4

Звуки аплодисментов уносились в кессонный потолок. Дождавшись, когда гул утихнет, виолончелист начал сольное выступление. Бах. Сюита для виолончели соло № 1.

Прожектора заливали светом упакованную в смокинг плотную фигуру. Внимание всех зрителей, которые не оставили в зале ни одного свободного места, было направлено в одну точку. Виолончелист сидел на фоне величественного орга́на посреди просторной сцены и, закрыв глаза, водил смычком. Мелодия рефрена. Есть в ней что-то волнующе-трагичное…

Он извлекал звуки отточенными уверенными движениями, и в то же время исполнение казалось абсолютно легким и воздушным. Говорят, звучание виолончели очень похоже на человеческий голос, и создается впечатление, будто инструмент разговаривает со слушателями. Сегодня в концертном зале можно было убедиться, что это абсолютная правда: мелодию, казалось, выпевал сам виолончелист.

– У виолончели звучание глубокое и насыщенное, поэтому поначалу она воспринимается мрачно, – рассуждала Каори за завтраком, надкусывая плитку шоколада. – Но у этого музыканта такая светлая энергетика, что чувствуется прилив тепла. Смотришь на его виртуозное исполнение, и кажется, что он выводит музыку с такой легкостью. Забываешь, что это не экспромт, а четкое следование нотной записи.

Сразу после третьего такта Идзуми заметил, как мама, сидевшая на соседнем сиденье, полезла в сумочку за платочком. Приподняв очки, она приложила салфетку сначала к уголку одного глаза, затем другого.

– В последнее время у меня слезы по любому поводу наворачиваются, – призналась Юрико, когда в такси по пути в музыкальный театр рассказывала о запавшем в душу сериале.
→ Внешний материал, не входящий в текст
From HB Require Import structures.
From mathcomp Require Import all_boot all_order all_algebra.
From mathcomp Require Import ring zify.
Import Order.TTheory GRing.Theory Num.Theory.
Local Open Scope ring_scope.
Set Implicit Arguments. Unset Strict Implicit. Unset Printing Implicit Defensive.

(* The proof is Fourier analysis over Z_2^n.  For w in Z_2^n the characteristic
   function of the outcome distribution, sum_y p(y) (-1)^{w.y}, is the trace of
   U rho U^dag against the diagonal Pauli T(0_x,w).  Clifford covariance moves
   this to a trace of rho against T(S^{-1}(0_x,w)), and inverting the Wigner
   transform turns it into (-1)^{q(w)} sum_u W(u) (-1)^{S(u)_x . w}
   ([outcome_char]).  On a subspace V where q agrees with w |-> k.w the two
   characteristic functions agree up to the shift by k, and the joint law of the
   parities v_j.y follows by expanding the indicator of {v_j.y = c_j} into
   characters ([marginal_from_chars]).  Such a V exists: q is quadratic on Z_I,
   its polar form is an alternating bilinear form, q is additive on totally
   isotropic subspaces of that form, and Z_I (of dimension |I|) has a totally
   isotropic subspace of dimension floor((|I|+1)/2) ([isotropic_subspace]). *)

Lemma F2_cases (x : 'F_2) : x = 0 \/ x = 1.
Proof. by case: x => [[|[|m]] // lt_x2]; [left|right]; apply/val_inj. Qed.

Lemma F2_addxx (x : 'F_2) : x + x = 0.
Proof. exact: (addrr_pchar2 (pchar_Fp _)). Qed.

Lemma F2_add_eq0 (x y : 'F_2) : (x + y == 0) = (x == y).
Proof. by rewrite addr_eq0 (oppr_pchar2 (pchar_Fp _)). Qed.

Lemma F2_mx_add_eq0 m k (x y : 'M['F_2]_(m, k)) : (x + y == 0) = (x == y).
Proof.
rewrite addr_eq0; congr (_ == _).
by apply/matrixP => i j; rewrite mxE (oppr_pchar2 (pchar_Fp _)).
Qed.

Section Sign.
Variable C : numClosedFieldType.

Lemma sgn0 : sgn C 0 = 1. Proof. by rewrite /sgn expr0. Qed.
Lemma sgn1 : sgn C 1 = -1. Proof. by rewrite /sgn expr1. Qed.

Lemma sgnD a b : sgn C (a + b) = sgn C a * sgn C b.
Proof.
case: (F2_cases a) => ->; case: (F2_cases b) => ->;
  rewrite ?add0r ?addr0 ?sgn0 ?mul1r ?mulr1 // F2_addxx sgn0 sgn1 mulrNN mulr1 //.
Qed.
(* Let $\Sigma$ be a finite set of tuple-generating dependencies (possibly cyclic, possibly with self-joins and constants) over a relational schema, and let $D$ be a finite database instance whose entries are constants and labeled nulls. Suppose a user inserts a tuple (or replaces all occurrences of a labeled null by a constant), and the Youtopia forward chase is then run without any frontier operations, i.e. only deterministic chase steps (as described in the context) are performed. Then the chase, viewed as a tree whose nodes are inserted tuples and whose edges are direct causality relationships, has the property that computation stops along every path after finitely many steps (unless the chase terminates, with all violations repaired, before such a point is reached). In particular, only finitely many tuples are inserted before the chase either terminates or reaches a state in which every pending violation is awaiting a frontier operation.
   Context: A tgd has the form $\Phi(\bar x,\bar y)\rightarrow \exists \bar z\,\Psi(\bar x,\bar z)$, with $\Phi,\Psi$ conjunctions of relational atoms over variables and constants; free variables are universally quantified. A database contains constants and labeled nulls. For a tgd $\sigma$ with free variables $\bar x$, LHS $\sigma_l(\bar x)$ and RHS $\sigma_r(\bar x,\bar y)$, a violation is an assignment $\bar a$ of database values to $\bar x$ with $D\models\sigma_l[\bar x\mapsto\bar a]$ but $D\not\models\sigma_r[\bar x\mapsto \bar a]$; its witness is the set of tuples of $D$ matching the LHS under this assignment. Specificity: a tuple $t=(a_1,\dots,a_k)$ is more specific than $t'=(a'_1,\dots,a'_k)$ (same relation) if the map $f(a'_i)=a_i$ is a well-defined function and $f$ is the identity on constants (values that are not labeled nulls). Forward chase (deterministic part): maintain a queue of violations, initially those created by the user's operation. Repeatedly pick a violation $v$ from the queue that is still present; instantiate the RHS of the violated tgd under the assignment of $v$, using fresh labeled nulls for the existentially quantified variables, yielding generated tuples. If for every generated tuple $t$ in relation $R$, $R$ contains no tuple more specific than $t$, insert all generated tuples (a deterministic repair), remove $v$, and append any new violations created by the insertions to the queue. Otherwise the generated tuples are set aside as positive frontier tuples (not inserted), the chase does not pursue that violation further, and it awaits a user frontier operation on it. The chase continues deterministically while some violation in the queue is deterministically repairable. *)

From Stdlib Require List.
From mathcomp Require Import all_boot.
Set Implicit Arguments. Unset Strict Implicit. Unset Printing Implicit Defensive.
За все то время, пока мать с сыном жили вместе, Идзуми практически ни разу не видел, как мама плачет.

* * *

В младшей школе Идзуми сразу нашел себе друга, с которым они вместе возвращались домой. Это был его одноклассник по фамилии Миура. Как-то раз, когда на носу уже были зимние каникулы, мальчишки после уроков резвились дома у Миуры.

И отец, и мать Миуры работали, поэтому до их возращения все было в распоряжении сына. Как и Идзуми, он был предоставлен самому себе. Возможно, поэтому мальчики так легко сошлись. Касай часто проводил время у друга дома. Как и в тот день. Они смотрели мультики по телевизору, рубились в карточные игры. Струившийся в окно свет заходящего солнца становился все гуще, окрашивая в оранжевый цвет разбросанные по всей гостиной игрушки и одежду.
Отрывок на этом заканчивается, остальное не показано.